My next probably gonna be ASUS, ASRock or Gigabyte again.
 
Best: Asus P2B.

The Abit BH6 was popular amongst the overclocker geeks, but the Asus P2B was way more stable.
 
my vote goes to Gigabyte : 965p_DS3
was the cheapest, best overclocker back when FSB could still top off (i think this girl does 500), had SATA when half the market had IDE, a great bios, ICH8 which is a monster jump ahead from 7, and all for a whopping $60 new.
 
Best? The one I currently have in my sig desktop. It's been incredibly stable, looks great, is future-proof, and has features only found in $200+ boards.

To be honest, I always research before I buy, so I've never had a board I'd say was bad or even "meh" in comparison to others.

From what I've read ECS seems to be the worst, although they're improving.
 
Hmm I usually spend almost most of my time picking boards as apposed to other parts of my builds, so I rarely ended up with one I disliked.

If I had to pick one it would be either the Tyan Trinity 400 S1854 or Soyo SY-7VCA, both were in my infancy of building computers. The Tyan I got because it was the first 133a board available. The Soyo because it was available. I was looking for a good overclocker to replace what I felt was an ancient BX platform, with my BH6. After that I got Asus or MSI only from that point on till I got this Intel DX79SI I got as a gift.

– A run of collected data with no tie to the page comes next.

(* Assume the network $\Sigma$ is well-posed, let $\mathcal{A}\subset X$ be nonempty and closed, and assume $f:X\times U\to X$ is $\mathcal{K}$-bounded with respect to $\mathcal{A}$, i.e. there are $\kappa_1,\kappa_2\in\mathcal{K}$ with $|f(\xi,\mu)|_{\mathcal{A}}\le\kappa_1(|\xi|_{\mathcal{A}})+\kappa_2(|\mu|_\infty)$ for all $\xi\in X$, $\mu\in U$. If there exists a finite-step ISS Lyapunov function for $\Sigma$ with respect to $\mathcal{A}$, then $\Sigma$ is ISS with respect to $\mathcal{A}$. Additionally, if $\kappa_1$ is linear, the existence of a finite-step eISS Lyapunov function for $\Sigma$ with respect to $\mathcal{A}$ implies that $\Sigma$ is eISS with respect to $\mathcal{A}$.
   Context: Setting: for each $i\in\mathbb{N}$ fix positive integers $n_i,p_i$, norms on $\mathbb{R}^{n_i},\mathbb{R}^{p_i}$, a finite $I_i\subset\mathbb{N}\setminus\{i\}$ with each $\{j: i\in I_j\}$ finite, and continuous $f_i:\mathbb{R}^{n_i}\times\prod_{j\in I_i}\mathbb{R}^{n_j}\times\mathbb{R}^{p_i}\to\mathbb{R}^{n_i}$. $X$ (resp. $U$) is the space of sequences $(x_i)$, $x_i\in\mathbb{R}^{n_i}$ (resp. $(u_i)$, $u_i\in\mathbb{R}^{p_i}$) with finite sup-norm $|\cdot|_\infty$; $X_E=\prod_i\mathbb{R}^{n_i}$; $f(x,u)_i=f_i(x_i,(x_j)_{j\in I_i},u_i)$; network $\Sigma$: $x(k+1)=f(x(k),u(k))$. $\Sigma$ is well-posed if $f(X\times U)\subset X$. $\mathcal{U}$: sequences $u:\mathbb{N}_0\to U$ with $\|u\|_\infty=\sup_k|u(k)|_\infty<\infty$; $x(k,\xi,u)$ the solution with $x(0)=\xi$. $|x|_{\mathcal{A}}=\inf_{y\in\mathcal{A}}|x-y|_\infty$. ISS w.r.t. $\mathcal{A}$: there are $\beta\in\mathcal{KL}$, $\gamma\in\mathcal{K}$ with $|x(k,\xi,u)|_{\mathcal{A}}\le\max\{\beta(|\xi|_{\mathcal{A}},k),\gamma(\|u\|_\infty)\}$ for all $\xi\in X,u\in\mathcal{U},k\in\mathbb{N}_0$; eISS: additionally $\beta(r,k)=C\rho^kr$ with $C\ge1,\rho\in[0,1)$. A continuous $V:X\to[0,\infty)$ is a finite-step ISS Lyapunov function for $\Sigma$ w.r.t. $\mathcal{A}$ if there exist $M\in\mathbb{N}$, $\underline\omega,\overline\omega,\alpha\in\mathcal{K}_\infty$ with $\alpha(s)<s$ for all $s>0$, and $\gamma\in\mathcal{K}$ such that for all $\xi\in X$, $u\in\mathcal{U}$: $\underline\omega(|\xi|_{\mathcal{A}})\le V(\xi)\le\overline\omega(|\xi|_{\mathcal{A}})$ and $V(x(M,\xi,u))\le\max\{\alpha(V(\xi)),\gamma(\|u\|_\infty)\}$. It is a finite-step eISS Lyapunov function if there exist $M\in\mathbb{N}$, constants $\underline w,\overline w,b>0$, $\kappa\in[0,1)$, $\gamma\in\mathcal{K}$ with $\underline w|\xi|_{\mathcal{A}}^b\le V(\xi)\le\overline w|\xi|_{\mathcal{A}}^b$ and $V(x(M,\xi,u))\le\max\{\kappa V(\xi),\gamma(\|u\|_\infty)\}$ for all $\xi\in X,u\in\mathcal{U}$. Comparison classes $\mathcal{K},\mathcal{K}_\infty,\mathcal{KL}$ are standard. *)

From HB Require Import structures.
From mathcomp Require Import all_boot all_order all_algebra.
From mathcomp Require Import all_classical all_reals all_analysis.
Set Implicit Arguments. Unset Strict Implicit. Unset Printing Implicit Defensive.
Import Order.TTheory GRing.Theory Num.Theory.
Import numFieldNormedType.Exports.
Local Open Scope classical_set_scope.
Local Open Scope ring_scope.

Not as bad as other Intel boards I have worked with, but USB is a bit funky.

As for best. Well its hard to say. I loved my A7N2-Deluxe, best integrated sound ever. My My A8N-SLI Premium was pretty sweet. I swapped that in from the Deluxe version that had a fan die, but it was 5 dollar part to fix that, and ran well and 24-7ish for 2 years before it went.
 
I think there is too much hatred against Asus from a good brand became, a crappy one

They are the number 1 supplier of branded and second biggest supplier of un-branded or rebranded boards out there.

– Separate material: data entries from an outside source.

Theorem lemma3p1
  (S : Type) (mul : S -> S -> S) (mulA : associative mul)
  (T : pred S) (T_ideal : is_ideal mul T)
  (A B : finType)
  (psi : A -> S) (R : seq (seq A * seq A))
  (presT : is_presentation mul (fun s => T s) psi R)
  (complR : complete (of_seq R))
  (phi : B -> option S) (Q : seq (seq B * seq B))
  (presU : is_presentation (reesmul mul T) (rees_elt T) phi Q)
  (complQ : complete (of_seq Q))
  (zero_unique : exists z : B, phi z = None /\ irreducible (of_seq Q) [:: z] /\
      forall w : seq B, irreducible (of_seq Q) w ->
        evalw (reesmul mul T) phi w = Some None -> w = [:: z])
  (rho : seq B -> seq A) (sigma : A -> B -> seq A) (pi : B -> A -> seq A)
  (rhoP : forall u : seq B, u != [::] -> all (nzB phi) u ->
      evalw (reesmul mul T) phi u = Some None ->
      rho u != [::] /\ evalS mul psi phi (map inl (rho u)) = evalS mul psi phi (map inr u))
  (sigmaP : forall (a : A) (b : B), nzB phi b ->
      sigma a b != [::] /\
      evalS mul psi phi (map inl (sigma a b)) = evalS mul psi phi [:: inl a; inr b])
  (piP : forall (a : A) (b : B), nzB phi b ->
      pi b a != [::] /\
      evalS mul psi phi (map inl (pi b a)) = evalS mul psi phi [:: inr b; inl a]) :
  forall w : seq (A + B), w != [::] ->
    all (fun x => match x with inl _ => true | inr b => nzB phi b end) w ->
    ((exists s, evalS mul psi phi w = Some s /\ T s) ->
       exists w' : seq A, w' != [::] /\
         rw_star (Vrules mul T phi R Q rho sigma pi) w (map inl w'))
    /\
    (~ (exists s, evalS mul psi phi w = Some s /\ T s) ->
       exists u : seq B, w = map inr u).
Proof.
have [Q_neq0 phi_rees _ _] := presU.
have [_ psi_in_T _ _] := presT.
have sigma_neq0 a b (nz_b : nzB phi b) := (sigmaP a b nz_b).1.
have pi_neq0 a b (nz_b : nzB phi b) := (piP a b nz_b).1.
have rho_neq0 u u_neq0 nz_u zero_u := (rhoP u u_neq0 nz_u zero_u).1.
have irreducible_zero_B0 u : irreducible (of_seq Q) u ->
    evalw (reesmul mul T) phi u = Some None -> ~~ all (nzB phi) u.
  have [z [z_B0 [_ zero_z]]] := zero_unique.
  by move=> irr_u /(zero_z u irr_u) ->; rewrite /= /nzB z_B0.
move=> w w_neq0 valid_w.
case: (boolP (has is_inl w)) => [hasl|/hasNis_inlP [u Ew]].
  split=> [_|[]]; last exact: evalS_has_inl.
  exact: V_absorb_B_letters sigma_neq0 pi_neq0 _ valid_w hasl.
split=> [[s [eval_s Ts]]|_]; last by exists u.
have u_neq0 : u != [::] by move: w_neq0; rewrite Ew; case: (u).
have nz_u : all (nzB phi) u by rewrite -(all_valid_inr A) -Ew.
rewrite Ew in eval_s *.
have zero_u := evalw_rees_inT T_ideal phi_rees u_neq0 nz_u eval_s Ts.
have Q_step_eval u1 u2 := @presentation_step_eval _ _ _ _ _ _ u1 u2 presU.
exact: (zero_word_reduces_to_A R sigma_neq0 pi_neq0 Q_neq0 Q_step_eval complQ.1
          irreducible_zero_B0 rho_neq0 u_neq0 nz_u zero_u).
Qed.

I don't think anyone would ever recommend against an ASUS mobo, its just you hear a lot of issues because of the volume of people who use them.

That said they are starting to have QC concerns creeping towards a dangerous level and issues like the DCu II's for the 7950 and 7970's is a tad worrisome when you are talking about $400-$600 depending on when and what you bought.

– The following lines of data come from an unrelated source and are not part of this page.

(* We prove the sharper bound
     rademacher (F_k(J^k_{a,a'})) <= 36 a a' b^2 L^2 / (k sqrt n);
   since both logarithmic factors of the statement are at least 1/2, the
   theorem follows with C = 144.  Everything is done with the expectation
   written as a finite sum over all 2^n sign vectors.
   1. Rademacher sums and suprema over an arbitrary index set, and the
      Ledoux-Talagrand contraction principle, proved one coordinate at a time
      by pairing each sign vector with the one flipped at that coordinate.
   2. Second moments of Rademacher sums give E ||sum_i eps_i y_i|| <= b sqrt n.
   3. Single neuron: for S(r) = sup_{||w||<=r} sum_i eps_i
      (phi(w.x_i) - phi(w.x'_i))^2, contraction (twice) and step 2 give
      E S(r) <= 8 L^2 b^2 r^2 sqrt n.
   4. Peeling: with r_m = a' 2^-m, S(r) <= r Q for every r <= a', where the
      random variable Q = sum_m (2/r_m) S(r_m) + (tail) has E Q <= 36 L^2 b^2 a'
      sqrt n.
   5. zeta_k splits over the columns of A; each column has norm <= ||A||_op <= a'
      and the column norms add up to ||A||_{2,1} <= a, so the supremum over
      J^k_{a,a'} is at most (a/k) Q. *)

Lemma cauchy_schwarz (I : finType) (u v : I -> RR) :
  (\sum_i u i * v i) ^+ 2 <= (\sum_i u i ^+ 2) * (\sum_i v i ^+ 2).
Proof.
pose D i j := u i ^+ 2 * v j ^+ 2 + u j ^+ 2 * v i ^+ 2 - 2 * ((u i * v i) * (u j * v j)).
have lagrange : 0 <= \sum_i \sum_j D i j.
  apply: sumr_ge0 => i _; apply: sumr_ge0 => j _.
  have -> : D i j = (u i * v j - u j * v i) ^+ 2 by rewrite /D; ring.
  exact: sqr_ge0.
have splitD : \sum_i \sum_j D i j =
    \sum_i \sum_j (u i ^+ 2 * v j ^+ 2) + \sum_i \sum_j (u j ^+ 2 * v i ^+ 2)
    - 2 * \sum_i \sum_j ((u i * v i) * (u j * v j)).
  rewrite mulr_sumr -big_split /= -sumrB; apply: eq_bigr => i _.
  by rewrite mulr_sumr -big_split /= -sumrB.
have prod_ij : \sum_i \sum_j (u i ^+ 2 * v j ^+ 2) = (\sum_i u i ^+ 2) * (\sum_i v i ^+ 2).
  by rewrite mulr_suml; apply: eq_bigr => i _; rewrite mulr_sumr.
have prod_ji : \sum_i \sum_j (u j ^+ 2 * v i ^+ 2) = (\sum_i u i ^+ 2) * (\sum_i v i ^+ 2).
  by rewrite exchange_big.
have square_sum : \sum_i \sum_j ((u i * v i) * (u j * v j)) = (\sum_i u i * v i) ^+ 2.
  by rewrite expr2 mulr_suml; apply: eq_bigr => i _; rewrite mulr_sumr.
move: lagrange; rewrite splitD prod_ij prod_ji square_sum; lra.
Qed.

They have always had crappy support, but it was a non-issue because it used to be that you never ever had to deal with them.

Better way to put it. They used to be a step above Gigabyte and MSI, now they seem to be closer to their level.
 
They are the number 1 supplier of branded and second biggest supplier of un-branded or rebranded boards out there.

I don't think anyone would ever recommend against an ASUS mobo, its just you hear a lot of issues because of the volume of people who use them.

That said they are starting to have QC concerns creeping towards a dangerous level and issues like the DCu II's for the 7950 and 7970's is a tad worrisome when you are talking about $400-$600 depending on when and what you bought.

They have always had crappy support, but it was a non-issue because it used to be that you never ever had to deal with them.

Better way to put it. They used to be a step above Gigabyte and MSI, now they seem to be closer to their level.

yeah maby u right and i am overreacting but before this motherboard i had another one so called premium motherboard which is torn away... plus i have UPS line interactive an APC one and a good premium PSU...
 
The Abits were horrible. BH6. BP6. I spent many a'flamefest telling the overclocker fan boys to stop recommending them merely because they overclocked a bit better than the other boards.

Best boards must've been like the Asus P2B-D. i440BX, dual CPU's. Very nice board, had one in service for 11 years, 24x7.
 
The Abits were horrible. BH6. BP6. I spent many a'flamefest telling the overclocker fan boys to stop recommending them merely because they overclocked a bit better than the other boards.

Best boards must've been like the Asus P2B-D. i440BX, dual CPU's. Very nice board, had one in service for 11 years, 24x7.

Agreed. It's almost like Abit engineered instability at stock just to make sure it would overclock better. Once companies like Gigabyte and Asus started to really throw money at the overclocking crowd there was no reason to put up with "quirkyness" of the Abit setup. That said the BH6 was pretty stable for me.